Now to address the temperatures. The bottom line is that it depends on the brand and foam system.  Most manufacturers of machine processed foam systems have hot and cold weather versions of their products.  The retail products (cans and kits) are usually more forgiving as they are designed to be simple, but they don't have to do much except make a seal.  Dimensional stability, aged R-value, etc. are less important in lower density sealants than for serious insulation / air and vapor barrier materials. 

  1. Caulking (tubes): All of our stock is on the road with the trucks, but the other types (latex, silicone, hybrids, etc.) all say above 40 degrees F.
  2. Foam sealants (cans): Pur fill 1G says can must be 60 to 80, but doesn't give a substrate, ambient, or curing temperature. There is reportedly a new product on the market called Zero Draft. Its product data sheet indicates that it can be installed down to ?4 degrees F. We have not tested this material yet in the field.
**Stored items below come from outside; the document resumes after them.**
Lemma aP_nonneg m : 0 <= aP z x m.
Proof.
  apply Rmult_le_pos; [apply Rplus_le_le_0_compat | apply pow_le; auto].
  - apply RInt_nonneg; [apply P_cont | lra | intros; apply P_nonneg; lra].
  - apply RInt_nonneg; [apply Q_cont | lra | intros; apply Q_nonneg; lra].
Qed.

End Nonneg.

Lemma sQ_nonneg z N x : 0 <= z -> 0 <= x <= 1 -> 0 <= sQ z N x.
Proof. intros. apply cond_pos_sum. intros; apply Qterm_nonneg; auto. Qed.

Lemma sP_nonneg z N x : 0 <= z -> 0 <= x <= 1 -> 0 <= sP z N x.
Proof. intros. apply cond_pos_sum. intros; apply Pterm_nonneg; auto. Qed.

(* The partial sums never exceed the closed forms: induction on N, each step
   being convolution_bound_step with the fixed-point equations. *)
Lemma partial_sums_bnd z : 0 < z < / 4 -> forall N x, 0 <= x <= 1 ->
  sQ z N x <= g_closed z x /\ sP z N x <= f_closed z x.
Proof.
  intros Hz. induction N; intros x Hx.
  - unfold sQ, sP, Qterm, Pterm; simpl. rewrite Q_0, P_0.
    pose proof (g_closed_bnd z Hz x Hx). pose proof (f_closed_bnd z Hz x Hx). lra.
  - assert (HQ : RInt (sQ z N) x 1 <= g_int z x).
    { rewrite <- RInt_g_closed by auto.
      apply RInt_le; [lra | apply Cont_ex_RInt, sQ_cont | |].
      - apply closed_ex_RInt; auto; [apply g_closed_cont, Hz | lra].
      - intros t Ht. apply IHN; lra. }
    assert (HP : RInt (sP z N) 0 x <= f_int z x).
    { rewrite <- RInt_f_closed by auto.
      apply RInt_le; [lra | apply Cont_ex_RInt, sP_cont | |].
      - apply closed_ex_RInt; auto; [apply f_closed_cont, Hz | lra].
      - intros t Ht. apply IHN; lra. }
    destruct (IHN x Hx) as [IQ IP]. split.
    + apply (convolution_bound_step (aQ z x) (Qterm z x) z) with (g_int z x);
        [lra | intros; apply aQ_nonneg; lra | intros; apply Qterm_nonneg; lra
        | unfold Qterm; rewrite Q_0; simpl; ring | intros; apply Qterm_succ
        | apply g_closed_fixed; auto | rewrite sum_aQ; auto | auto].
    + apply (convolution_bound_step (aP z x) (Pterm z x) z) with (f_int z x + g_int z x);
        [lra | intros; apply aP_nonneg; lra | intros; apply Pterm_nonneg; lra
        | unfold Pterm; rewrite P_0; simpl; ring | intros; apply Pterm_succ
        | apply f_closed_fixed; auto | rewrite sum_aP; lra | auto].
Qed.

Section Limits.
Variable z : R.
Hypothesis Hz : 0 < z < / 4.

(* Comparison with z_up in (z, 1/4): the terms decay like rho^n, uniformly
   on [0,1]. *)
Definition z_up := (z + / 4) / 2.
Definition rho := z / z_up.

Lemma z_up_range : 0 < z_up < / 4.
Proof. unfold z_up; lra. Qed.

Lemma rho_range : 0 < rho < 1.
Proof.
  unfold rho, z_up. split; [apply Rdiv_lt_0_compat; lra|].
  apply (Rmult_lt_reg_r ((z + / 4) / 2)); [lra|].
  unfold Rdiv. rewrite Rmult_assoc, Rinv_l; lra.
Qed.

Lemma pow_z_up n : z ^ n = z_up ^ n * rho ^ n.
Proof. rewrite <- Rpow_mult_distr. f_equal. unfold rho, z_up. field. lra. Qed.

Lemma Qterm_geom x n : 0 <= x <= 1 -> 0 <= Qterm z x n <= g_max z_up * rho ^ n.
Proof.
  intros Hx. pose proof z_up_range. pose proof rho_range.
  split; [apply Qterm_nonneg; lra|].
  unfold Qterm. rewrite pow_z_up, <- Rmult_assoc.
  apply Rmult_le_compat_r; [apply pow_le; lra|].
  apply Rle_trans with (sQ z_up n x);
    [apply (term_le_partial_sum (Qterm z_up x)); intros; apply Qterm_nonneg; lra|].
  apply Rle_trans with (g_closed z_up x); [apply partial_sums_bnd | apply g_closed_bnd]; auto.
Qed.

Lemma Pterm_geom x n : 0 <= x <= 1 -> 0 <= Pterm z x n <= f_max z_up * rho ^ n.
Proof.
  intros Hx. pose proof z_up_range. pose proof rho_range.
  split; [apply Pterm_nonneg; lra|].
  unfold Pterm. rewrite pow_z_up, <- Rmult_assoc.
  apply Rmult_le_compat_r; [apply pow_le; lra|].
  apply Rle_trans with (sP z_up n x);
    [apply (term_le_partial_sum (Pterm z_up x)); intros; apply Pterm_nonneg; lra|].
  apply Rle_trans with (f_closed z_up x); [apply partial_sums_bnd | apply f_closed_bnd]; auto.
Qed.

Definition etaQ N := g_max z_up * rho ^ S N / (1 - rho).
Definition etaP N := f_max z_up * rho ^ S N / (1 - rho).

Definition LQ x := seq_lim (fun N => sQ z N x).
Definition BQ x := seq_lim (fun N => RInt (sQ z N) x 1).
Definition JQ x := g_int z x - BQ x.
Definition LP x := seq_lim (fun N => sP z N x).
Definition AP x := seq_lim (fun N => RInt (sP z N) 0 x).
Definition JP x := f_int z x - AP x.

Lemma LQ_lim x : 0 <= x <= 1 -> is_lim_seq (fun N => sQ z N x) (LQ x).
Proof.
  intros Hx. apply (seq_lim_incr _ (g_closed z x)).
  - intros. apply partial_sum_mono; [intros; apply Qterm_nonneg; lra | lia].
  - intros. apply partial_sums_bnd; auto.
Qed.

Lemma LP_lim x : 0 <= x <= 1 -> is_lim_seq (fun N => sP z N x) (LP x).
Proof.
  intros Hx. apply (seq_lim_incr _ (f_closed z x)).
  - intros. apply partial_sum_mono; [intros; apply Pterm_nonneg; lra | lia].
  - intros. apply partial_sums_bnd; auto.
Qed.

Lemma LQ_bnd x : 0 <= x <= 1 -> 0 <= LQ x <= g_closed z x.
Proof.
  intros Hx. split.
  - apply (lim_ge_const _ _ _ (LQ_lim x Hx)). intros; apply sQ_nonneg; lra.
  - apply (lim_le_const _ _ _ (LQ_lim x Hx)). intros; apply partial_sums_bnd; auto.
Qed.

Lemma LP_bnd x : 0 <= x <= 1 -> 0 <= LP x <= f_closed z x.
Proof.
  intros Hx. split.
  - apply (lim_ge_const _ _ _ (LP_lim x Hx)). intros; apply sP_nonneg; lra.
  - apply (lim_le_const _ _ _ (LP_lim x Hx)). intros; apply partial_sums_bnd; auto.
Qed.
  3. Portable units (kits): Product data related to processing temperatures is scarce, but our supplier says he recommends 45 degrees F as the lower limit for this and the Pur fill products he distributes. The published service temperature range for the Insta-foam kits is -47 to 176 F. The Zero Draft products may be available in a two-component kit form as well.
  4. Machine-Processed Systems: At the "big dig" we used foam that could be sprayed on ice and snow (down to say 10 degrees F) and we do steam pipes (up to 250 degrees). Most normal foam insulation systems range from 20 to 120 in the product data sheets. Material storage, processing, substrate, ambient, curing, and service temperatures and durations vary significantly from product to product. SUPERGREEN FOAM has a lower limit for processing of 60 degrees F, but installation techniques can stretch the limits a little (pass thickness, etc.). Icynene claims a much colder processing ambient or substrate temperature where closed-cell foam is not required. Published service temperatures for all of the urethanes we use are from -40 to 280 degrees F.